(* Let $\beta\in(3/2,\beta^*]$. Then $\mathbb P(D)=1$.
   Context: $\beta^*\approx1.5437$ is the real root of $x^3-2x^2+2x=2$. $\vec q_0=(0,0)$, $\vec q_1=(1,0)$, $\vec q_2=(0,1)$, $f_i(\vec z)=(\vec z+\vec q_i)/\beta$. $H=\{(x,y):x<\frac1\beta,\ y<\frac1\beta,\ x+y>\frac{1}{\beta(\beta-1)}\}$; $\tilde C_{01}=\{x\ge\frac1\beta,\ y\ge0,\ x+y\le\frac{1}{\beta(\beta-1)}\}$; $\tilde C_{12}=\{x\ge\frac1\beta,\ y\ge\frac1\beta,\ x+y\le\frac1{\beta-1}\}$; $\tilde C_{02}=\{x\ge0,\ y\ge\frac1\beta,\ x+y\le\frac{1}{\beta(\beta-1)}\}$; for $ij\in\{01,12,02\}$, $C_{ij}=\tilde C_{ij}\setminus\bigl(\bigcup_{n\ge1}f_if_j^n(H)\cup\bigcup_{n\ge1}f_jf_i^n(H)\bigr)$, and $C=C_{01}\cup C_{12}\cup C_{02}$. $\Upsilon=\{0,1,2\}^{\mathbb N}$ with product $\sigma$-algebra and uniform product measure $\mathbb P$. $D$ is the set of $(b_1,b_2,\ldots)\in\Upsilon$ such that $\sum_{i\ge1}\vec q_{b_{j+i-1}}\beta^{-i}\in C$ for infinitely many $j$. *)

From HB Require Import structures.
From mathcomp Require Import all_boot all_order all_algebra.
From mathcomp Require Import all_classical all_reals all_analysis.
Set Implicit Arguments. Unset Strict Implicit. Unset Printing Implicit Defensive.
Import Order.TTheory GRing.Theory Num.Theory numFieldNormedType.Exports.
Local Open Scope classical_set_scope.
Local Open Scope ring_scope.

(* Sequences are indexed from 0: (b 0, b 1, ...) stands for (b_1, b_2, ...). *)

Definition seq3 : Type := nat -> 'I_3.
HB.instance Definition _ := gen_eqMixin seq3.
HB.instance Definition _ := gen_choiceMixin seq3.
HB.instance Definition _ := isPointed.Build seq3 (fun _ => ord0).
Lemma edge_mult_ord_mod x0 s (j : 'I_n) : path nat_adj x0 s -> all (leq^~ n) (x0 :: s) ->
  edge_mult (ord_mod x0) (map ord_mod s) j = nat_edge_mult x0 s j.
Proof.
elim: s x0 => [//|x s IHs] x0 /= /andP[adj walk] /and3P[x0_le x_le s_le].
rewrite edge_mult_cons nat_edge_mult_cons (ord_mod_adj adj).2 IHs /= ?x_le //.
by rewrite -val_eqE /= modn_small //; move: adj; rewrite /nat_adj; lia.
Qed.

Lemma irregularising_of_nat_walk x0 s : path nat_adj x0 s -> all (leq^~ n) (x0 :: s) ->
  (forall j, j < n -> nat_edge_mult x0 s j != nat_edge_mult x0 s (j.+2 %% n)) ->
  irregularising (cycle_rel n) (ord_mod x0) (map ord_mod s).
Proof.
move=> walk s_le m_neq; apply/irregularising_cycleP => //; split; first exact: path_ord_mod.
by move=> j; rewrite !edge_mult_ord_mod // ordSS_val; apply: m_neq.
Qed.

End CycleOfNat.

Lemma cyclic_neq_of_pattern (M : nat -> nat) n : 3 < n -> M 0 = 0 -> M 1 = 0 ->
  (forall j, 2 <= j < n -> 0 < M j) -> (forall j, 2 <= j -> j.+2 < n -> M j != M j.+2) ->
  forall j, j < n -> M j != M (j.+2 %% n).
Proof.
move=> n_gt3 M0 M1 M_pos M_neq j j_lt_n.
case: (ltnP j.+2 n) => [j2_lt_n | j2_ge_n].
  rewrite modn_small //; case: (ltnP j 2) => [j_lt2 | j_ge2]; last exact: M_neq.
  have : 0 < M j.+2 by apply: M_pos; lia.
  by case: j {j_lt_n j2_lt_n} j_lt2 => [|[|]] //; rewrite ?M0 ?M1 eq_sym -lt0n.
have : 0 < M j by apply: M_pos; lia.
rewrite -(subnK j2_ge_n) modnDr modn_small; last lia.
have : j.+2 - n < 2 by lia.
by case: (j.+2 - n) => [|[|]] //; rewrite ?M0 ?M1 -lt0n.
Qed.
Definition clique (H : hclass) (m : nat) (C : list dataset) : Prop :=
  NoDup C /\
  (forall S, In S C -> length S = m /\ realizable H S) /\
  (forall S S', In S C -> In S' C -> S <> S' -> adjacent S S').

(* omega_m(H) = k : the clique number of G_m(H) equals k (some clique of size k,
   and no clique — hence no infinite clique either — is larger). *)
Definition clique_number_eq (H : hclass) (m k : nat) : Prop :=
  (exists C, clique H m C /\ length C = k) /\
  (forall C, clique H m C -> length C <= k).

Definition CD_finite (H : hclass) : Prop :=
  exists B, forall m, clique_number_eq H m (2 ^ m) -> m <= B.

Inductive mtree : Type :=
| Leaf : mtree
| Node : X -> mtree -> mtree -> mtree.  (* Node x t0 t1: edge 0 to t0, edge 1 to t1 *)

Fixpoint complete (d : nat) (t : mtree) : Prop :=
  match d, t with
  | 0, Leaf => True
  | S d', Node _ t0 t1 => complete d' t0 /\ complete d' t1
  | _, _ => False
  end.

Fixpoint paths (t : mtree) : list (list (X * bool)) :=
  match t with
  | Leaf => [[]]
  | Node x t0 t1 =>
      map (cons (x, false)) (paths t0) ++ map (cons (x, true)) (paths t1)
  end.

Definition shatters (H : hclass) (t : mtree) : Prop :=
  forall p, In p (paths t) -> realizable H p.

Definition LD_finite (H : hclass) : Prop :=
  exists B, forall d t, complete d t -> shatters H t -> d <= B.

End Defs.

Arguments Leaf {X}.
Arguments Node {X}.

From Stdlib Require Import List Arith Lia Classical ClassicalEpsilon.
Import ListNotations.
Lemma chain_inf_dominated : chain C -> dominated (chain_inf C).
Proof.
  intro Hc. split; [split|].
  - intros x y. apply Rinf_le_sum; auto.
    intros a b [P1 [H1 ->]] [P2 [H2 ->]].
    destruct (C_dom P1 H1) as [[S1 _] _], (C_dom P2 H2) as [[S2 _] _].
    destruct (Hc P1 P2 H1 H2) as [L|L].
    + eapply Rle_trans; [apply (chain_inf_le P1 H1)|].
      eapply Rle_trans; [apply S1|]. specialize (L y). lra.
    + eapply Rle_trans; [apply (chain_inf_le P2 H2)|].
      eapply Rle_trans; [apply S2|]. specialize (L x). lra.
  - intros s x Hs. apply Rinf_le_scal; auto.
    intros a [P [HP ->]]. eapply Rle_trans; [apply (chain_inf_le P HP)|].
    destruct (C_dom P HP) as [[_ S2] _]. auto.
  - intro x. destruct C_ne as [P HP]. eapply Rle_trans; [apply (chain_inf_le P HP)|].
    apply (C_dom P HP).
Qed.

End ChainInf.

Definition strictly_below (P P' : X -> R) := dominated P' /\ fle P' P /\ ~ fle P P'.

Definition shrink (P : X -> R) : X -> R :=
  match excluded_middle_informative (exists P', strictly_below P P') with
  | left _ => epsilon (inhabits P) (strictly_below P)
  | right _ => P
  end.

Lemma shrink_le P : fle (shrink P) P.
Proof.
  unfold shrink. destruct excluded_middle_informative as [H|H].
  - apply (epsilon_spec (inhabits P) (strictly_below P) H).
  - intro; lra.
Qed.

Lemma shrink_dominated P : dominated P -> dominated (shrink P).
Proof.
  unfold shrink. destruct excluded_middle_informative as [H|H]; auto.
  intros _. apply (epsilon_spec (inhabits P) (strictly_below P) H).
Qed.

Lemma shrink_fixed_minimal P :
  fle P (shrink P) -> forall P', dominated P' -> fle P' P -> fle P P'.
Proof.
  unfold shrink. destruct excluded_middle_informative as [H|H].
  - pose proof (epsilon_spec (inhabits P) (strictly_below P) H) as [_ [_ A]]. tauto.
  - intros _ P' H1 H2. apply NNPP. intro H3. apply H. exists P'. now split.
Qed.

(* Zorn's lemma by the tower method: the least family containing [Q] and closed
   under [shrink] and under infima of nonempty chains is itself a chain; its
   infimum lies in it, so it is a fixed point of [shrink], i.e. minimal. *)
Inductive tower : (X -> R) -> Prop :=
| tower_top : tower Q
| tower_shrink : forall P, tower P -> tower (shrink P)
| tower_inf : forall C, (forall P, C P -> tower P) -> chain C -> (exists P, C P) ->
    tower (chain_inf C).

Lemma tower_dominated P : tower P -> dominated P.
Proof.
  induction 1.
  - split; auto. intro; lra.
  - now apply shrink_dominated.
  - now apply chain_inf_dominated.
Qed.

Definition extreme c := forall y, tower y -> fle c y -> ~ fle y c -> fle c (shrink y).

Lemma extreme_comparable c : tower c -> extreme c ->
  forall y, tower y -> fle c y \/ fle y (shrink c).
Proof.
  intros Tc Ec y Ty. induction Ty as [|y' Ty' IH|C HC IH Hch Hne].
  - left. apply (tower_dominated c Tc).
  - destruct IH as [L|L].
    + destruct (classic (fle y' c)) as [L2|L2].
      * assert (y' = c) by (apply fle_antisym; auto). subst. right. intro; lra.
      * left. now apply Ec.
    + right. eapply fle_trans; [apply shrink_le | exact L].
  - destruct (classic (forall P, C P -> fle c P)) as [A|A].
    + left. now apply chain_inf_ge.
    + right. apply not_all_ex_not in A. destruct A as [P A].
      apply imply_to_and in A. destruct A as [CP A].
      destruct (IH P CP) as [B|B]; [tauto|].
      eapply fle_trans; [|exact B]. apply chain_inf_le; auto.
      intros; now apply tower_dominated, HC.
Qed.

Lemma tower_extreme c : tower c -> extreme c.
Proof.
  induction 1 as [|c' Tc' IH|C HC IH Hch Hne].
  - intros y Ty _ B. exfalso. apply B. apply (tower_dominated y Ty).
  - intros y Ty A B. destruct (extreme_comparable c' Tc' IH y Ty) as [L|L]; [|tauto].
    destruct (classic (fle y c')) as [L2|L2].
    + assert (y = c') by (apply fle_antisym; auto). subst. intro; lra.
    + eapply fle_trans; [apply shrink_le|]. now apply IH.
  - intros y Ty A B.
    assert (Hex : exists P, C P /\ ~ fle y P).
    { apply NNPP. intro N. apply B. apply chain_inf_ge; auto. intros P CP.
      apply NNPP. intro N2. apply N. eauto. }
    destruct Hex as [P [CP NP]].
    destruct (extreme_comparable P (HC P CP) (IH P CP) y Ty) as [L|L].
    + eapply fle_trans.
      * apply chain_inf_le; eauto. intros; now apply tower_dominated, HC.
      * now apply IH.
    + exfalso. apply NP. eapply fle_trans; [exact L | apply shrink_le].
Qed.

Lemma tower_chain : chain tower.
Proof.
  intros c y Tc Ty. destruct (extreme_comparable c Tc (tower_extreme c Tc) y Ty); auto.
  right. eapply fle_trans; eauto. apply shrink_le.
Qed.

Lemma minimal_dominated_exists : exists P, minimal_dominated P.
Proof.
  assert (Tm : tower (chain_inf tower)).
  { apply tower_inf; auto. apply tower_chain. exists Q; constructor. }
  exists (chain_inf tower). split; [now apply tower_dominated|].
  apply shrink_fixed_minimal. apply chain_inf_le.
  - exists Q; constructor.
  - apply tower_dominated.
  - now constructor.
Qed.

End Tower.

(* For a sublinear [P] and a direction [z], the functional
   [x |-> inf_{t >= 0} (P (x + t z) - t P z)] is again sublinear and below [P];
   minimality of [P] forces equality, whence superadditivity. *)
Section Minimal.
Variables Q P : X -> R.
Hypothesis HP : minimal_dominated Q P.
Variable z : X.

Let sP : sublinear P := proj1 (proj1 HP).

Definition shifted x := Rinf (fun r => exists t, 0 <= t /\ r = P (badd x (bscal t z)) - t * P z).

Let shifted_ne x : exists r, exists t, 0 <= t /\ r = P (badd x (bscal t z)) - t * P z.
Proof. eexists. exists 0. split; [lra | reflexivity]. Qed.

Let shifted_lb x :
  exists lb, forall r, (exists t, 0 <= t /\ r = P (badd x (bscal t z)) - t * P z) -> lb <= r.
Proof.
  exists (- P (bopp x)). intros r [t [Ht ->]].
  rewrite <- (sublinear_scal_nonneg P t z sP Ht).
  replace (bscal t z) with (badd (badd x (bscal t z)) (bopp x)) at 2 by vec_eq.
  pose proof (proj1 sP (badd x (bscal t z)) (bopp x)). lra.
Qed.

Let shifted_le_at x t : 0 <= t -> shifted x <= P (badd x (bscal t z)) - t * P z.
Proof. intro Ht. apply Rinf_lb; eauto. Qed.

Let shifted_le : fle shifted P.
Proof. intro x. pose proof (shifted_le_at x 0). rewrite bscal_0, badd_0r in H. lra. Qed.

Let shifted_sublinear : sublinear shifted.
Proof.
  split.
  - intros x1 x2. apply Rinf_le_sum; auto.
    intros a b [t1 [H1 ->]] [t2 [H2 ->]].
    eapply Rle_trans; [apply (shifted_le_at _ (t1 + t2)); lra|].
    replace (badd (badd x1 x2) (bscal (t1 + t2) z))
      with (badd (badd x1 (bscal t1 z)) (badd x2 (bscal t2 z))) by vec_eq.
    pose proof (proj1 sP (badd x1 (bscal t1 z)) (badd x2 (bscal t2 z))). lra.
  - intros s y Hs. apply Rinf_le_scal; auto.
    intros a [t [Ht ->]].
    eapply Rle_trans; [apply (shifted_le_at _ (s * t)); nra|].
    replace (badd (bscal s y) (bscal (s * t) z)) with (bscal s (badd y (bscal t z))) by vec_eq.
    rewrite sublinear_scal; auto. lra.
Qed.

Lemma minimal_dominated_superadditive x : P x + P z <= P (badd x z).
Proof.
  assert (Hdom : dominated Q shifted).
  { split; [apply shifted_sublinear|].
    exact (fle_trans _ _ _ shifted_le (proj2 (proj1 HP))). }
  pose proof (proj2 HP shifted Hdom shifted_le x).
  pose proof (shifted_le_at x 1 ltac:(lra)). rewrite bscal_1 in H0. lra.
Qed.

End Minimal.

Lemma minimal_dominated_linear Q P : minimal_dominated Q P -> linear X P.
Proof.
  intro HM. pose proof (proj1 (proj1 HM)) as HP.
  pose proof (sublinear_zero P HP) as P0.
  assert (Hadd : forall x y, P (badd x y) = P x + P y).
  { intros. apply Rle_antisym; [apply HP | now apply minimal_dominated_superadditive with Q]. }
  assert (Hopp : forall x, P (bopp x) = - P x).
  { intro x. pose proof (Hadd x (bopp x)). rewrite badd_oppr, P0 in H. lra. }
  split; auto.
  intros a x. destruct (Rtotal_order a 0) as [Hn|[->|Hp]].
  - replace (bscal a x) with (bopp (bscal (- a) x)) by vec_eq.
    rewrite Hopp, sublinear_scal; auto; lra.
  - rewrite bscal_0, P0. ring.
  - now apply sublinear_scal.
Qed.

Theorem hahn_banach Q : sublinear Q -> exists phi, linear X phi /\ fle phi Q.
Proof.
  intro HQ. destruct (minimal_dominated_exists Q HQ) as [P HM].
  exists P. split; [now apply minimal_dominated_linear with Q | apply (proj1 HM)].
Qed.

End HahnBanach.

(** * Subgradients and Ekeland's principle *)

(* A convex function minorized by a cone [f v - L |w - v|] at [v] has a
   subgradient at [v] of norm at most [L]: apply Hahn-Banach to the sublinear
   hull [y |-> inf_{t > 0, s} (f (v + s) - f v + L |t y - s|) / t] of the
   difference quotients. *)
Section Subgradient.
Variable X : Banach.
Notation bsub := (bsub X).
Variable f : X -> Rbar.
Variables (v : X) (fv L : R).
Hypothesis f_convex : convex_fun X f.
Hypothesis f_nMInf : forall w, f w <> MInf.
Hypothesis f_v : f v = Fin fv.
Hypothesis L_ge0 : 0 <= L.
Hypothesis f_cone : forall w, Rbar_le (Fin (fv - L * bnorm (bsub w v))) (f w).

Definition quotient y t w b := (b - fv + L * bnorm (bsub (bscal t y) (bsub w v))) / t.

Definition quotients y r := exists t w b, 0 < t /\ f w = Fin b /\ r = quotient y t w b.

Definition support y := Rinf (quotients y).

Let quotients_ne y : exists r, quotients y r.
Proof. eexists. exists 1, v, fv. split; [lra|]. split; eauto. Qed.

Let quotients_lb y : exists lb, forall r, quotients y r -> lb <= r.
Proof.
  exists (- L * bnorm y). intros r [t [w [b [Ht [Hw ->]]]]].
  pose proof (f_cone w) as H1. rewrite Hw in H1. simpl in H1.
  assert (bnorm (bsub w v) <= bnorm (bsub (bscal t y) (bsub w v)) + t * bnorm y).
  { rewrite (bnorm_sub_sym X (bscal t y)), <- (bnorm_scal_nonneg X t y) by lra.
    replace (bsub w v) with (badd (bsub (bsub w v) (bscal t y)) (bscal t y)) at 1 by vec_eq.
    apply bnorm_triangle. }
  unfold quotient. apply Rmult_le_reg_r with t; auto.
  replace ((b - fv + L * bnorm (bsub (bscal t y) (bsub w v))) / t * t)
    with (b - fv + L * bnorm (bsub (bscal t y) (bsub w v))) by (field; lra).
  assert (L * bnorm (bsub w v) <= L * (bnorm (bsub (bscal t y) (bsub w v)) + t * bnorm y))
    by (apply Rmult_le_compat_l; auto).
  nra.
Qed.

Lemma support_le y t w b : 0 < t -> f w = Fin b -> support y <= quotient y t w b.
Proof. intros Ht Hw. apply Rinf_lb; auto. exists t, w, b. auto. Qed.

(* Two quotients are merged through the convex combination of their base points
   with weights [t2, t1] / (t1 + t2). *)
Lemma quotient_merge x y t1 w1 b1 t2 w2 b2 : 0 < t1 -> 0 < t2 ->
  f w1 = Fin b1 -> f w2 = Fin b2 ->
  support (badd x y) <= quotient x t1 w1 b1 + quotient y t2 w2 b2.
Proof.
  intros Ht1 Ht2 Hw1 Hw2.
  set (lam := t2 / (t1 + t2)).
  assert (Hl0 : 0 < lam) by (apply Rdiv_lt_0_compat; lra).
  assert (Hl1 : lam < 1).
  { apply Rmult_lt_reg_r with (t1 + t2); [lra|].
    unfold lam. replace (t2 / (t1 + t2) * (t1 + t2)) with t2 by (field; lra). lra. }
  assert (Heq : (1 - lam) * t2 = lam * t1) by (unfold lam; field; lra).
  set (w := badd (bscal lam w1) (bscal (1 - lam) w2)).
  pose proof (f_convex w1 w2 lam b1 b2 ltac:(lra) Hw1 Hw2) as Hcv. fold w in Hcv.
  destruct (f w) as [bw| |] eqn:Ew; simpl in Hcv; try tauto;
    [|exfalso; eapply f_nMInf; eauto].
  set (V1 := bsub (bscal t1 x) (bsub w1 v)). set (V2 := bsub (bscal t2 y) (bsub w2 v)).
  assert (Hn : bnorm (bsub (bscal (lam * t1) (badd x y)) (bsub w v)) <=
               lam * bnorm V1 + (1 - lam) * bnorm V2).
  { replace (bsub (bscal (lam * t1) (badd x y)) (bsub w v))
      with (badd (bscal lam V1) (bscal (1 - lam) V2))
      by (rewrite bscal_distr_l; rewrite <- Heq at 2; unfold V1, V2, w; vec_eq).
    eapply Rle_trans; [apply bnorm_triangle|].
    rewrite !bnorm_scal_nonneg by lra. lra. }
  eapply Rle_trans; [apply (support_le (badd x y) (lam * t1) w bw); auto; nra|].
  unfold quotient. fold V1 V2.
  apply Rle_trans with ((lam * (b1 - fv + L * bnorm V1) + (1 - lam) * (b2 - fv + L * bnorm V2))
                        / (lam * t1)).
  - unfold Rdiv. apply Rmult_le_compat_r; [left; apply Rinv_0_lt_compat; nra|].
    assert (L * bnorm (bsub (bscal (lam * t1) (badd x y)) (bsub w v)) <=
            L * (lam * bnorm V1 + (1 - lam) * bnorm V2)) by (apply Rmult_le_compat_l; auto).
    nra.
  - right. unfold lam. field. lra.
Qed.

Lemma support_sublinear : sublinear X support.
Proof.
  split.
  - intros x y. apply Rinf_le_sum; auto.
    intros a c [t1 [w1 [b1 [Ht1 [Hw1 ->]]]]] [t2 [w2 [b2 [Ht2 [Hw2 ->]]]]].
    now apply quotient_merge.
  - intros s y Hs. apply Rinf_le_scal; auto.
    intros a [t [w [b [Ht [Hw ->]]]]].
    eapply Rle_trans; [apply (support_le (bscal s y) (t / s) w b); auto;
                       apply Rdiv_lt_0_compat; auto|].
    unfold quotient. rewrite bscal_assoc. replace (t / s * s) with t by (field; lra).
    right. field. lra.
Qed.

**WORK INSTRUCTION:**
Lines containing "Hypothesis" in the listing: how many are there? Answer with the number only.

**RESPONSE BOX:**
6